Interesting examples with WordPerfect and Lotus 1-2-3, which were both dominant for about 10 years during the 1980s and early 1990s. Since then, Microsoft has been dominant in the same segment - for a whopping 30-35 years. During this time, they've made massive, unpopular interface overhauls, released products that nearly everyone dislikes but still has to use for some reason (Teams comes to mind), offer basically zero end user support and have moved from one-off license purchases to SaaS subscriptions.

Either Microsoft has managed to get it "just right" for more than three decades, or there's something else at play, too.

arexxbifs | 7 months ago | on: The bewildering phenomenon of declining quality

Yes, consumerism makes us throw out and replace perfectly working things. That doesn't mean there's not a decline in quality _as well_.

> One is that attributes like durability -- which used to be a major factor in how people judged a product's quality -- have lost relevance.

> some companies design certain products -- especially household appliances -- stop working after a certain period of time. This isn't a conspiracy theory, but a proven fact.

So, in many cases we no longer factor in durability because we know that consumer products don't offer that quality _by design_.

> healthcare services may not be worse than they were a few years ago. "The big problem is that they haven't adapted to the pace of social change. They haven't evolved enough to serve the entire elderly population, whose demographic size is increasing every year"

But then they are, in fact, of worse quality for a large group of the population.
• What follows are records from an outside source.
(* Let $B>0$ and $z>0$, and set $z_0:=\max\left(z,\ \frac{\pi}{B^2 e}\right)$. If $\nu\geq 1$ satisfies $$\nu\;\geq\;\frac12+\frac{\log(B)+z_0-\frac12\log\!\left(\frac{\pi}{z_0 e}\right)}{W_0\!\left(\frac{2}{z_0 e}\left(\log(B)+z_0-\frac12\log\!\left(\frac{\pi}{z_0 e}\right)\right)\right)},$$ then $K_\nu(z)>B$.
   Context: $K_\nu$ denotes the modified Bessel function of the second kind of real order $\nu$, considered for real argument $z>0$. $W_0$ denotes the principal branch of the Lambert $W$ function (the inverse of $w\mapsto we^w$ on $[-1,\infty)$). *)

From Stdlib Require Import Reals ClassicalEpsilon.
From Coquelicot Require Import Coquelicot.
Open Scope R_scope.

(* Modified Bessel function of the second kind, real order nu, argument z > 0,
   via the standard integral representation (DLMF 10.32.9):
   K_nu(z) = \int_0^\infty exp(-z cosh t) cosh(nu t) dt. *)
Definition BesselK (nu z : R) : R :=
  RInt_gen (fun t => exp (- z * cosh t) * cosh (nu * t))
           (at_point 0) (Rbar_locally p_infty).

(* Principal branch of Lambert W: for x >= -1/e, the unique w >= -1 with
   w * exp w = x (arbitrary value outside the domain). *)
Definition LambertW0 (x : R) : R :=
  epsilon (inhabits 0) (fun w => -1 <= w /\ w * exp w = x).

(* Writing K_nu(z) = int_0^oo exp(-z cosh t) cosh(nu t) dt and
   unfolding the even part, 2 K_nu(z) >= int_R exp(-z0 cosh t + nu t) dt for
   z <= z0.  Restricting to a window [c - h, c + h] and applying Jensen's
   inequality to exp gives K_nu(z) >= h exp(-z0 cosh c sinh h / h + nu c).
   The window is centred at the saddle point, cosh c = s / z0 with
   s = sqrt(nu^2 + z0^2), and has half-width h = sqrt(pi / (nu + z0)).
   The Lambert condition on nu is equivalent to
   L <= (nu - 1/2) log((2 nu - 1) / (z0 e)), and comparing with log K_nu(z)
   leaves two elementary logarithmic gains, each >= 1/3, which beat the
   sinh-correction (sinh h / h - 1) s <= 0.6515. *)
From Stdlib Require Import Reals Lra Psatz ClassicalEpsilon.
From Coquelicot Require Import Coquelicot.
Open Scope R_scope.

(* pi <= 16/5: otherwise 16/5 would lie in (0, pi], where sin is positive,
   yet the Taylor upper bound for sin at 16/5 is negative. *)
Lemma PI_le_16_5 : PI <= 16/5.
Proof.
  destruct (Rle_or_lt PI (16/5)) as [H|H]; [exact H|exfalso].
  assert (Hub := SIN (16/5) ltac:(lra) ltac:(lra)).
  assert (Hpos : 0 < sin (16/5)) by (apply sin_gt_0; lra).
  unfold sin_ub, sin_approx in Hub.
  cbv [sum_f_R0 sin_term Nat.mul Nat.add] in Hub.
  rewrite !fact_simpl, !mult_INR in Hub. cbv [Factorial.fact] in Hub.
  rewrite !S_INR, !INR_0 in Hub. simpl pow in Hub.
  lra.
Qed.

Lemma ln_le_sub1 y : 0 < y -> ln y <= y - 1.
Proof.
  intro Hy. pose proof (exp_ineq1_le (ln y)) as H. rewrite exp_ln in H; lra.
Qed.

Lemma nonneg_of_deriv_nonneg (f df : R -> R) (X : R) :
  (forall t, 0 <= t <= X -> is_derive f t (df t)) ->
  (forall t, 0 <= t <= X -> 0 <= df t) -> 0 <= f 0 ->
  forall t, 0 <= t <= X -> 0 <= f t.
Proof.
  intros Hd Hdf H0 t Ht.
  destruct (MVT_gen f 0 t df) as [c [Hc Heq]].
  - intros x Hx. apply Hd. rewrite Rmin_left, Rmax_right in Hx; lra.
  - intros x Hx. rewrite Rmin_left, Rmax_right in Hx by lra.
    apply continuity_pt_filterlim, (ex_derive_continuous (V := R_NormedModule)).
    eexists. apply Hd; lra.
  - rewrite Rmin_left, Rmax_right in Hc by lra.
    assert (0 <= df c * (t - 0)) by (apply Rmult_le_pos; [apply Hdf|]; lra).
    lra.
Qed.

Lemma ln_1plus_lb x : 0 <= x -> 2 * x / (2 + x) <= ln (1 + x).
Proof.
  intro Hx.
  assert (H := nonneg_of_deriv_nonneg (fun t => ln (1 + t) - 2 * t / (2 + t))
                 (fun t => t ^ 2 / ((1 + t) * (2 + t) ^ 2)) x).
  simpl in H. rewrite Rplus_0_r, ln_1 in H.
  enough (0 <= ln (1 + x) - 2 * x / (2 + x)) by lra.
  apply H; try lra.
  - intros t Ht. auto_derive; [lra | field; lra].
  - intros t Ht. apply Rmult_le_pos; [nra | apply Rlt_le, Rinv_0_lt_compat; nra].
Qed.

(* One step of repeated integration on [0, 2]: an inequality "0 <= F' "
   lifts to "0 <= F" when F(0) = 0; F, F' built from polynomials, sinh, cosh. *)
Ltac integrate_step prev :=
  refine (nonneg_of_deriv_nonneg _ _ 2 _ prev _);
  [ intros ? ?; unfold sinh, cosh; auto_derive; [easy | simpl; lra]
  | rewrite ?sinh_0, ?cosh_0; lra ].

(* Taylor bound for sinh on [0, 2], obtained by integrating cosh t <= 5.04
   seven times. *)
Lemma sinh_taylor_ub h : 0 <= h <= 2 ->
  sinh h <= h + h ^ 3 / 6 + h ^ 5 / 120 + h ^ 7 / 1000.
Proof.
  intro Hh.
  assert (D7 : forall t, 0 <= t <= 2 -> 0 <= 5040/1000 - cosh t).
  { intros t Ht. unfold cosh.
    assert (exp t <= exp 1 * exp 1).
    { rewrite <- exp_plus. destruct (Req_dec t 2) as [->|]; [right; f_equal; lra|].
      left; apply exp_increasing; lra. }
    assert (exp (- t) <= 1).
    { rewrite <- exp_0. destruct (Req_dec t 0) as [->|]; [rewrite Ropp_0; lra|].
      left; apply exp_increasing; lra. }
    pose proof exp_le_3. pose proof (exp_pos 1). nra. }
  assert (D6 : forall t, 0 <= t <= 2 -> 0 <= 5040/1000 * t - sinh t)
    by integrate_step D7.
  assert (D5 : forall t, 0 <= t <= 2 -> 0 <= 1 + 2520/1000 * t ^ 2 - cosh t)
    by integrate_step D6.
  assert (D4 : forall t, 0 <= t <= 2 -> 0 <= t + 840/1000 * t ^ 3 - sinh t)
    by integrate_step D5.
  assert (D3 : forall t, 0 <= t <= 2 ->
            0 <= 1 + t ^ 2 / 2 + 210/1000 * t ^ 4 - cosh t)
    by integrate_step D4.
  assert (D2 : forall t, 0 <= t <= 2 ->
            0 <= t + t ^ 3 / 6 + 42/1000 * t ^ 5 - sinh t)
    by integrate_step D3.
  assert (D1 : forall t, 0 <= t <= 2 ->
            0 <= 1 + t ^ 2 / 2 + t ^ 4 / 24 + 7/1000 * t ^ 6 - cosh t)
    by integrate_step D2.
  assert (D0 : forall t, 0 <= t <= 2 ->
            0 <= t + t ^ 3 / 6 + t ^ 5 / 120 + t ^ 7 / 1000 - sinh t)
    by integrate_step D1.
  specialize (D0 h Hh). lra.
Qed.

Section DominatedImproperIntegral.

Variables (f : R -> R) (C : R).
Hypothesis f_cont : forall t, continuous f t.
Hypothesis f_nonneg : forall t, 0 <= t -> 0 <= f t.
Hypothesis f_dominated : forall t, 0 <= t -> f t <= C * exp (- t).

Let ex_RInt_f a b : ex_RInt f a b.
Proof. apply (ex_RInt_continuous (V := R_CompleteNormedModule)); auto. Qed.

Lemma RInt_tail_bound M M' : 0 <= M <= M' -> 0 <= RInt f M M' <= C * exp (- M).
Proof.
  intro HM.
  assert (Hdom : is_RInt (fun t => C * exp (- t)) M M'
                   (C * exp (- M) - C * exp (- M'))).
  { replace (C * exp (- M) - C * exp (- M'))
      with (minus (- C * exp (- M')) (- C * exp (- M)))
      by (unfold minus, plus, opp; simpl; ring).
    apply (is_RInt_derive (fun t => - C * exp (- t))).
    - intros; auto_derive; auto; ring.
    - intros x _. apply (ex_derive_continuous (V := R_NormedModule)).
      auto_derive; auto. }
  split.
  - apply RInt_ge_0; [lra | apply ex_RInt_f | intros; apply f_nonneg; lra].
  - apply Rle_trans with (C * exp (- M) - C * exp (- M')).
    + rewrite <- (is_RInt_unique _ _ _ _ Hdom).
      apply RInt_le; try lra; [auto | eexists; exact Hdom |].
      intros; apply f_dominated; lra.
    + assert (0 <= C) by (pose proof (f_nonneg 0); pose proof (f_dominated 0);
                          rewrite Ropp_0, exp_0 in *; lra).
      pose proof (exp_pos (- M')). nra.
Qed.

Lemma RInt_partial_sup :
  { l | forall M, 0 <= M -> RInt f 0 M <= l <= RInt f 0 M + C * exp (- M) }.
Proof.
  set (E := fun y => exists M, 0 <= M /\ y = RInt f 0 M).
  destruct (completeness E) as [l [Hub Hlub]].
  - exists C. intros y [M [HM ->]].
    pose proof (RInt_tail_bound 0 M (conj (Rle_refl 0) HM)) as H.
    rewrite Ropp_0, exp_0 in H. lra.
  - exists (RInt f 0 0). exists 0. split; [lra | reflexivity].
  - exists l. intros M HM. split.
    + apply Hub. exists M. split; [lra | reflexivity].
    + apply Hlub. intros y [M' [HM' ->]].
      rewrite <- (RInt_Chasles f 0 M M') by auto.
      change (plus ?x ?y) with (x + y).
      destruct (Rle_or_lt M M').
      * pose proof (RInt_tail_bound M M'). lra.
      * rewrite <- (opp_RInt_swap f M' M) by auto. change (opp ?x) with (- x).
        pose proof (RInt_tail_bound M' M). pose proof (RInt_tail_bound M M).
        lra.
Qed.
> five out of 10 consumers openly reject virtual assistants. The conclusion is clear: society isn't adapting to the pace of technological advancement.

No, that's not a clear conclusion. Another conclusion that could be drawn is that the adaptation of AI technology in customer service has lowered the quality to a point customers don't even care to bother with. I.E., the pace of technological advancement, in this case, isn't ready for the demands of society.

> It's difficult to prove that today's products are worse than those of 20 years ago.

No, it's not. Some products and consumption patterns may be harder to compare. In other cases, we have clear examples of engineered decline in quality. One example: soap companies changing not just the size of the soap (shrinkflation) but also altering the ingredients to make the bar of soap last about half as long as before. Ever look under the bed at a hotel? After the pandemic, the quality of cleaning has declined substantially, at least in my country. My previous landlord lowered the indoor temperature and raised the rent, all in the same year. House prices keep going up, but building standards are lowered.

In short: there are very real and measurable declines in quality because economies are tanking and, as the article correctly states, "the promise of capitalism" is no longer being fulfilled.

arexxbifs | 8 months ago | on: The force-feeding of AI features on an unwilling public

Opting out is easy, we can just stop using products from Microsoft, Apple, Meta and Google. Of course, for many that also means opting out of their job, which is a great way to opt out of a home, a family, healthcare, dental care and luxuries like food.

I don't think it's entitlement to make a well-mannered complaint about how little choice we actually have when it comes to the whims of the tech giants.

arexxbifs | 8 months ago | on: Microsoft Edit

It was a lousy distro, it didn't even include the Linux kernel!

On the other hand, according to AT&T, Xenix accounted for about half of the worldwide Unix licenses in the late 1980s.

arexxbifs | 9 months ago | on: YouTuber claims to have received an offer to buy the Commodore brand

IMHO, what would give real value to retro enthusiasts is BSD licensing all the Commodore (and Amiga) IP, rather than these constant efforts to slap the chicken lips logo onto some random hardware in the hope of charging premium for an "official" product.

Would any of the many replacement/emulation/FPGA efforts that already exist be better with a specific logo? More convenient? Cheaper? More successful? I have serious doubts.

This feels, as the saying goes, like a big fat nothingburger.